● **Dataset records**
(* Let $0\le a<b$ and $1<\alpha\le 2$. Define $G:[a,b]\times[a,b]\to\mathbb{R}$ by $$G(t,s)=\begin{cases}\dfrac{b-t}{b-a}\big[(\alpha-1)(s-a)-2+\alpha\big], & a\le s\le t\le b,\\[2mm] \dfrac{t-a}{b-a}\big[(\alpha-1)(b-s)+2-\alpha\big], & a\le t\le s\le b.\end{cases}$$ Then: (i) if $b-a<\frac{2-\alpha}{\alpha-1}$, then $\displaystyle\max_{(t,s)\in[a,b]\times[a,b]}|G(t,s)|=2-\alpha$; (ii) if $b-a\ge\frac{2-\alpha}{\alpha-1}$, then $\displaystyle\max_{(t,s)\in[a,b]\times[a,b]}|G(t,s)|=\frac{[(\alpha-1)(b-a)+(2-\alpha)]^2}{4(\alpha-1)(b-a)}$.
   Context: The function $G$ is the Green's function of the boundary value problem ${}^{CF}D_a^{\alpha}u(t)+q(t)u(t)=0$, $a<t<b$, $u(a)=u(b)=0$, with the Caputo–Fabrizio derivative of order $\alpha$; the statement itself only concerns the explicitly defined function $G$. *)

From Stdlib Require Import Reals.
Open Scope R_scope.

(* Green's function of the Caputo-Fabrizio BVP. On the diagonal s = t the two
   formulas of the paper differ (by 2 - alpha); we use the second one
   (case a <= t <= s <= b) there. *)
Definition G (a b alpha t s : R) : R :=
  if Rle_dec t s
  then (t - a) / (b - a) * ((alpha - 1) * (b - s) + 2 - alpha)
  else (b - t) / (b - a) * ((alpha - 1) * (s - a) - 2 + alpha).

Definition is_max_absG (a b alpha M : R) : Prop :=
  (exists t s, a <= t <= b /\ a <= s <= b /\ Rabs (G a b alpha t s) = M) /\
  (forall t s, a <= t <= b -> a <= s <= b -> Rabs (G a b alpha t s) <= M).

(* On the diagonal, G t t = (t - a) ((alpha - 1) (b - t) + 2 - alpha) / (b - a)
   is a concave quadratic in t, and every value of |G| is dominated by a
   diagonal value: for t <= s by G t t itself, for s < t by the diagonal value
   at the reflected point a + b - t.  So the maximum of |G| is the maximum of
   this parabola on [a, b]: its value G b b = 2 - alpha at the endpoint when
   the vertex lies beyond b, i.e. when (alpha - 1) (b - a) < 2 - alpha, and its
   value at the vertex otherwise. *)

From Stdlib Require Import Reals Lra Psatz.
From Coquelicot Require Import Rcomplements.
Open Scope R_scope.

Lemma G_diag (a b alpha x : R) :
  G a b alpha x x = (x - a) / (b - a) * ((alpha - 1) * (b - x) + 2 - alpha).
Proof.
  unfold G. destruct (Rle_dec x x) as [_ | Hxx]; [reflexivity | lra].
Qed.

Section GreenFunction.

Variables a b alpha : R.
Hypothesis Hab : a < b.
Hypothesis Hal1 : 1 < alpha.
Hypothesis Hal2 : alpha <= 2.

Lemma Rabs_G_le_diag_upper (t s : R) :
  a <= t <= s -> s <= b -> Rabs (G a b alpha t s) <= G a b alpha t t.
Proof.
  intros Ht Hs. unfold G.
  destruct (Rle_dec t s) as [_ | Hts]; [| lra].
  destruct (Rle_dec t t) as [_ | Htt]; [| lra].
  assert (Hk : 0 <= (t - a) / (b - a)) by (apply Rdiv_le_0_compat; lra).
  rewrite Rabs_pos_eq by (apply Rmult_le_pos; nra).
  apply Rmult_le_compat_l; nra.
Qed.

Lemma Rabs_G_le_diag_lower (t s : R) :
  a <= s < t -> t <= b ->
  Rabs (G a b alpha t s) <= G a b alpha (a + b - t) (a + b - t).
Proof.
  intros Hs Ht. unfold G.
  destruct (Rle_dec t s) as [Hts | _]; [lra |].
  destruct (Rle_dec (a + b - t) (a + b - t)) as [_ | Htt]; [| lra].
  replace (a + b - t - a) with (b - t) by ring.
  replace (b - (a + b - t)) with (t - a) by ring.
  assert (Hk : 0 <= (b - t) / (b - a)) by (apply Rdiv_le_0_compat; lra).
  rewrite Rabs_mult, (Rabs_pos_eq _ Hk).
  apply Rmult_le_compat_l; [exact Hk |].
  apply Rabs_le. split; nra.
Qed.

Lemma Rabs_G_le_of_diag (M : R) :
  (forall x, a <= x <= b -> G a b alpha x x <= M) ->
  forall t s, a <= t <= b -> a <= s <= b -> Rabs (G a b alpha t s) <= M.
Proof.
  intros Hdiag t s Ht Hs.
  destruct (Rle_lt_dec t s) as [Hts | Hst].
  - apply Rle_trans with (G a b alpha t t).
    + apply Rabs_G_le_diag_upper; lra.
    + apply Hdiag; lra.
  - apply Rle_trans with (G a b alpha (a + b - t) (a + b - t)).
    + apply Rabs_G_le_diag_lower; lra.
    + apply Hdiag; lra.
Qed.

Lemma is_max_absG_of_diag (x0 : R) :
  a <= x0 <= b ->
  (forall x, a <= x <= b -> G a b alpha x x <= G a b alpha x0 x0) ->
  is_max_absG a b alpha (G a b alpha x0 x0).
Proof.
  intros Hx0 Hdiag. split.
  - exists x0, x0. split; [exact Hx0 |]. split; [exact Hx0 |].
    apply Rle_antisym.
    + apply Rabs_G_le_diag_upper; lra.
    + apply Rle_abs.
  - exact (Rabs_G_le_of_diag _ Hdiag).
Qed.

Lemma G_diag_b : G a b alpha b b = 2 - alpha.
Proof.
  rewrite G_diag. field. lra.
Qed.

Lemma G_diag_le_b (x : R) :
  (b - a) * (alpha - 1) <= 2 - alpha -> a <= x <= b ->
  G a b alpha x x <= G a b alpha b b.
Proof.
  intros Hsmall Hx. rewrite G_diag_b, G_diag, <- Rmult_div_swap.
  apply Rle_div_l; [lra |].
  assert (0 <= (b - x) * ((2 - alpha) - (alpha - 1) * (x - a)))
    by (apply Rmult_le_pos; nra).
  nra.
Qed.

Definition diag_vertex : R :=
  a + ((alpha - 1) * (b - a) + (2 - alpha)) / (2 * (alpha - 1)).

Lemma diag_vertex_mem :
  2 - alpha <= (b - a) * (alpha - 1) -> a <= diag_vertex <= b.
Proof.
  intros Hlarge. unfold diag_vertex. split.
  - assert (0 <= ((alpha - 1) * (b - a) + (2 - alpha)) / (2 * (alpha - 1)))
      by (apply Rdiv_le_0_compat; nra).
    lra.
  - assert (((alpha - 1) * (b - a) + (2 - alpha)) / (2 * (alpha - 1)) <= b - a)
      by (apply Rle_div_l; lra).
    lra.
Qed.

Lemma G_diag_vertex :
  G a b alpha diag_vertex diag_vertex
  = ((alpha - 1) * (b - a) + (2 - alpha)) ^ 2 / (4 * (alpha - 1) * (b - a)).
Proof.
  rewrite G_diag. unfold diag_vertex. field. lra.
Qed.

Lemma G_diag_le_vertex (x : R) :
  G a b alpha x x <= G a b alpha diag_vertex diag_vertex.
Proof.
  rewrite G_diag_vertex, G_diag.
  apply (Rle_div_r _ _ (4 * (alpha - 1) * (b - a))).
  { apply Rmult_lt_0_compat; lra. }
  (* completing the square around the vertex *)
  replace ((x - a) / (b - a) * ((alpha - 1) * (b - x) + 2 - alpha)
             * (4 * (alpha - 1) * (b - a)))
    with (((alpha - 1) * (b - a) + (2 - alpha)) ^ 2
          - (2 * (alpha - 1) * (x - a) - ((alpha - 1) * (b - a) + (2 - alpha))) ^ 2)
    by (field; lra).
  assert (0 <= (2 * (alpha - 1) * (x - a)
                - ((alpha - 1) * (b - a) + (2 - alpha))) ^ 2) by apply pow2_ge_0.
  lra.
Qed.

End GreenFunction.

Theorem proposition1 (a b alpha : R)
  (Ha : 0 <= a) (Hab : a < b) (Hal1 : 1 < alpha) (Hal2 : alpha <= 2) :
  (b - a < (2 - alpha) / (alpha - 1) ->
     is_max_absG a b alpha (2 - alpha)) /\
  (b - a >= (2 - alpha) / (alpha - 1) ->
     is_max_absG a b alpha
       (((alpha - 1) * (b - a) + (2 - alpha)) ^ 2 / (4 * (alpha - 1) * (b - a)))).
Proof.
  split; intro Hlen.
  - apply Rlt_div_r in Hlen; [| lra].
    rewrite <- (G_diag_b a b alpha Hab).
    apply is_max_absG_of_diag; try lra.
    intros x Hx. apply G_diag_le_b; lra.
  - apply Rge_le, Rle_div_l in Hlen; [| lra].
    rewrite <- (G_diag_vertex a b alpha Hab Hal1).
    apply is_max_absG_of_diag; try lra.
    + apply diag_vertex_mem; lra.
    + intros x _. apply G_diag_le_vertex; lra.
Qed.
Lemma transient_step x : transient x ->
  exists y, 0 < T0 x y /\
    (defectors y.1 + defectors y.2 < defectors x.1 + defectors x.2)%N.
Proof.
move=> x_tr; have [i1 [j1 [w1ij step1]]] := exists_layer_step x.1 hw1 N_gt0.
have [i2 [j2 [w2ij step2]]] := exists_layer_step x.2 hw2 N_gt0.
exists (replace x.1 i1 (x.1 j1), replace x.2 i2 (x.2 j2)); split.
  by rewrite mulr_gt0 ?layer_trans_replace_gt0 //; apply: fecundity_pos0.
move: x_tr step1 step2; rewrite /transient /=.
case: (monomorphic x.1); case: (monomorphic x.2) => //= _.
- by move=> -> step2; rewrite ltn_add2l.
- by move=> step1 ->; rewrite ltn_add2r.
- by move=> step1 step2; lia.
Qed.

Lemma neutral_harmonic_le0 (h : state N -> R) :
  (forall x, transient x -> h x = \sum_y T0 x y * h y) ->
  (forall x, ~~ transient x -> h x = 0) -> forall x, h x <= 0.
Proof.
move=> h_harm h_abs; have [m h_le] := exists_argmax ([ffun=> true], [ffun=> true]) h.
suff : h m <= 0 by move=> hm_le0 x; apply: le_trans (h_le x) hm_le0.
rewrite leNgt; apply/negP => hm_gt0.
have descend x : h x = h m -> exists2 y, h y = h m &
    (defectors y.1 + defectors y.2 < defectors x.1 + defectors x.2)%N.
  move=> hx; have x_tr : transient x.
    by apply: contraPT hm_gt0 => /h_abs hx0; rewrite -hx hx0 ltxx.
  have [y [Txy y_smaller]] := transient_step x_tr; exists y => //.
  apply: (convex_comb_eq_max (trans_ge0 hw1 hw2 (fecundity_pos0 w1 b c r) x)
            (sum_trans N_gt0 hw1 hw2 (fecundity_pos0 w1 b c r) x) h_le _ Txy).
  by rewrite -h_harm.
suff no_max n x : (defectors x.1 + defectors x.2 <= n)%N -> h x = h m -> False.
  exact: (no_max _ m (leqnn _) erefl).
elim: n x => [|n IHn] x x_small /descend [y hy y_smaller]; first by lia.
by apply: (IHn y) => //; lia.
Qed.

Lemma neutral_harmonic_eq0 (h : state N -> R) :
  (forall x, transient x -> h x = \sum_y T0 x y * h y) ->
  (forall x, ~~ transient x -> h x = 0) -> forall x, h x = 0.
Proof.
move=> h_harm h_abs x; apply/eqP; rewrite eq_le neutral_harmonic_le0 //= -oppr_le0.
apply: (@neutral_harmonic_le0 (fun x => - h x)) => [y y_tr|y y_abs].
  by rewrite h_harm // -sumrN; apply: eq_bigr => z _; rewrite mulrN.
by rewrite h_abs ?oppr0.
Qed.

End NeutralChain.

Section AbsorptionSystem.
Variables (R : realType) (N : nat) (w1 w2 : 'M[R]_N) (b c r : R).
Hypothesis N_gt0 : (0 < N)%N.
Hypotheses (hw1 : weighted_graph w1) (hw2 : weighted_graph w2).

Local Notation T d := (trans w1 w2 b c r d).
Local Notation n := #|{: state N}|.

Definition state_at : 'I_n -> state N := @enum_val _ {: state N}.

Lemma state_atK x : state_at (enum_rank x) = x.
Proof. exact: enum_rankK. Qed.

Lemma enum_rank_state_at a : enum_rank (state_at a) = a.
Proof. exact: enum_valK. Qed.

Lemma sum_state_at (f : state N -> R) : \sum_(a < n) f (state_at a) = \sum_x f x.
Proof. by rewrite (big_enum_val (A := {: state N})). Qed.

Definition absorb_coef d (x y : state N) : R :=
  (x == y)%:R - (transient x)%:R * T d x y.

Definition absorb_mx d : 'M[R]_n :=
  \matrix_(a1, a2) absorb_coef d (state_at a1) (state_at a2).

Lemma absorb_coef_mean d (h : state N -> R) x :
  \sum_y absorb_coef d x y * h y = h x - (transient x)%:R * \sum_y T d x y * h y.
Proof.
under eq_bigr do rewrite mulrBl.
rewrite sumrB (bigD1 x) //= eqxx mul1r big1 ?addr0; last first.
  by move=> y; rewrite eq_sym => /negbTE ->; rewrite mul0r.
by rewrite big_distrr /=; congr (_ - _); apply: eq_bigr => y _; rewrite mulrA.
Qed.

Lemma absorb_mx_mul d (h : state N -> R) x :
  (absorb_mx d *m \col_a h (state_at a)) (enum_rank x) 0 =
  h x - (transient x)%:R * \sum_y T d x y * h y.
Proof.
rewrite -absorb_coef_mean -sum_state_at !mxE; apply: eq_bigr => a _.
by rewrite !mxE state_atK.
Qed.

Lemma absorb_mx0_unit : absorb_mx 0 \in unitmx.
Proof.
rewrite unitmxE unitfE -det_tr; apply/det0P => -[v v_neq0 vA0].
pose h x := v 0 (enum_rank x).
have h_sol x : h x - (transient x)%:R * \sum_y T 0 x y * h y = 0.
  have /matrixP /(_ 0 (enum_rank x)) := vA0; rewrite !mxE => vA0x.
  rewrite -[RHS]vA0x -absorb_mx_mul !mxE; apply: eq_bigr => a _.
  by rewrite !mxE mulrC /h enum_rank_state_at.
have h0 : forall x, h x = 0.
  apply: (neutral_harmonic_eq0 N_gt0 hw1 hw2 (b := b) (c := c) (r := r)) => x.
    by move=> x_tr; move: (h_sol x); rewrite x_tr mul1r => /eqP; rewrite subr_eq0 => /eqP.
  by move=> /negbTE x_abs; move: (h_sol x); rewrite x_abs mul0r subr0.
move/negP: v_neq0; apply; apply/eqP/matrixP => i a; rewrite ord1 mxE.
by have := h0 (state_at a); rewrite /h enum_rank_state_at.
Qed.

Definition gap d (x : state N) := rho1 w1 w2 b c r d x - avg w1 x.1.

Definition drift d (x : state N) :=
  (transient x)%:R * (\sum_y T d x y * avg w1 y.1 - avg w1 x.1).

Lemma gap_cramer d : fecundity_pos w1 b c r d -> forall x,
  \det (absorb_mx d) * gap d x =
  (\adj (absorb_mx d) *m \col_a drift d (state_at a)) (enum_rank x) 0.
Proof.
move=> Fd_pos x.
have gap_eq y : gap d y - (transient y)%:R * \sum_z T d y z * gap d z = drift d y.
  rewrite /gap /drift; case: (boolP (transient y)) => [_|]; last first.
    rewrite negbK => /andP [m1 m2].
    by rewrite rho_absorbing // subrr !mul0r subr0.
  under eq_bigr do rewrite mulrBr.
  by rewrite !mul1r sumrB -rho_harmonic //; ring.
have : absorb_mx d *m \col_a gap d (state_at a) = \col_a drift d (state_at a).
  apply/matrixP => a i; rewrite ord1 -{1}(enum_rank_state_at a) absorb_mx_mul.
  by rewrite gap_eq mxE.
by move=> <-; rewrite mulmxA mul_adj_mx mul_scalar_mx !mxE state_atK.
Qed.

Lemma drift0 x : drift 0 x = 0.
Proof. by rewrite /drift trans0_mean_fst // neutral_mean_avg // subrr mulr0. Qed.

Lemma gap0 x : gap 0 x = 0.
Proof.
have := gap_cramer (fecundity_pos0 w1 b c r) x.
rewrite (_ : \col_a drift 0 (state_at a) = 0); last first.
  by apply/matrixP => a i; rewrite !mxE drift0.
rewrite mulmx0 mxE => /eqP; rewrite mulf_eq0 => /orP [|/eqP //].
by move: absorb_mx0_unit; rewrite unitmxE unitfE => /negbTE ->.
Qed.

End AbsorptionSystem.

Lemma cvg_right_affine (R : realType) (a k : R) : a + d * k @[d --> 0^'+] --> a.
Proof.
rewrite -[X in _ --> X]addr0 -[X in _ --> _ + X](mul0r k).
apply: cvgD; first exact: cvg_cst.
by apply: cvgMl; apply: cvg_at_right_filter; exact: cvg_id.
Qed.

Section MatrixContinuity.
Variables (R : realType) (T : Type) (F : set_system T).
Hypothesis FF : Filter F.

Lemma cvg_det m (M : T -> 'M[R]_m) (M0 : 'M[R]_m) :
  (forall i j, M t i j @[t --> F] --> M0 i j) -> \det (M t) @[t --> F] --> \det M0.
Proof.
move=> cvg_entries; apply: cvg_big; [exact: add_continuous | move=> s _].
apply: cvgM; first exact: cvg_cst.
by apply: cvg_big; [exact: mul_continuous | move=> i _; exact: cvg_entries].
Qed.

Lemma cvg_adj m (M : T -> 'M[R]_m) (M0 : 'M[R]_m) :
  (forall i j, M t i j @[t --> F] --> M0 i j) ->
  forall i j, \adj (M t) i j @[t --> F] --> \adj M0 i j.
Proof.
move=> cvg_entries i j; under eq_fun do rewrite mxE /cofactor.
rewrite mxE /cofactor; apply: cvgM; first exact: cvg_cst.
apply: cvg_det => k l; under eq_fun do rewrite !mxE.
by rewrite !mxE; exact: cvg_entries.
Qed.

End MatrixContinuity.

Section DriftDerivative.
Variables (R : realType) (N : nat) (w1 w2 : 'M[R]_N) (b c r : R).
Hypothesis N_gt0 : (0 < N)%N.
Hypotheses (hw1 : weighted_graph w1) (hw2 : weighted_graph w2).

Local Notation F d x := (fecundity w1 b c r d x).
Local Notation P := (transP w1).
Local Notation pi := (statdist w1).
Local Notation u x := (payoff w1 b c r x).
Local Notation Y x j := (b2r R (x.1 j)).

Definition drift' x := (transient x)%:R * (N%:R^-1 * \sum_i pi i *
  \sum_j P i j * (u x j - \sum_k P i k * u x k) * (Y x j - Y x i)).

● **About this task**
Write out only the lines that run from the line containing "Section DriftDerivative." through the line containing "Local Notation Y x j := (b2r R (x.1 j)).", both included, exactly as they appear above.

● **Task answer**
Section DriftDerivative.
Variables (R : realType) (N : nat) (w1 w2 : 'M[R]_N) (b c r : R).
Hypothesis N_gt0 : (0 < N)%N.
Hypotheses (hw1 : weighted_graph w1) (hw2 : weighted_graph w2).

Local Notation F d x := (fecundity w1 b c r d x).
Local Notation P := (transP w1).
Local Notation pi := (statdist w1).
Local Notation u x := (payoff w1 b c r x).
Local Notation Y x j := (b2r R (x.1 j)).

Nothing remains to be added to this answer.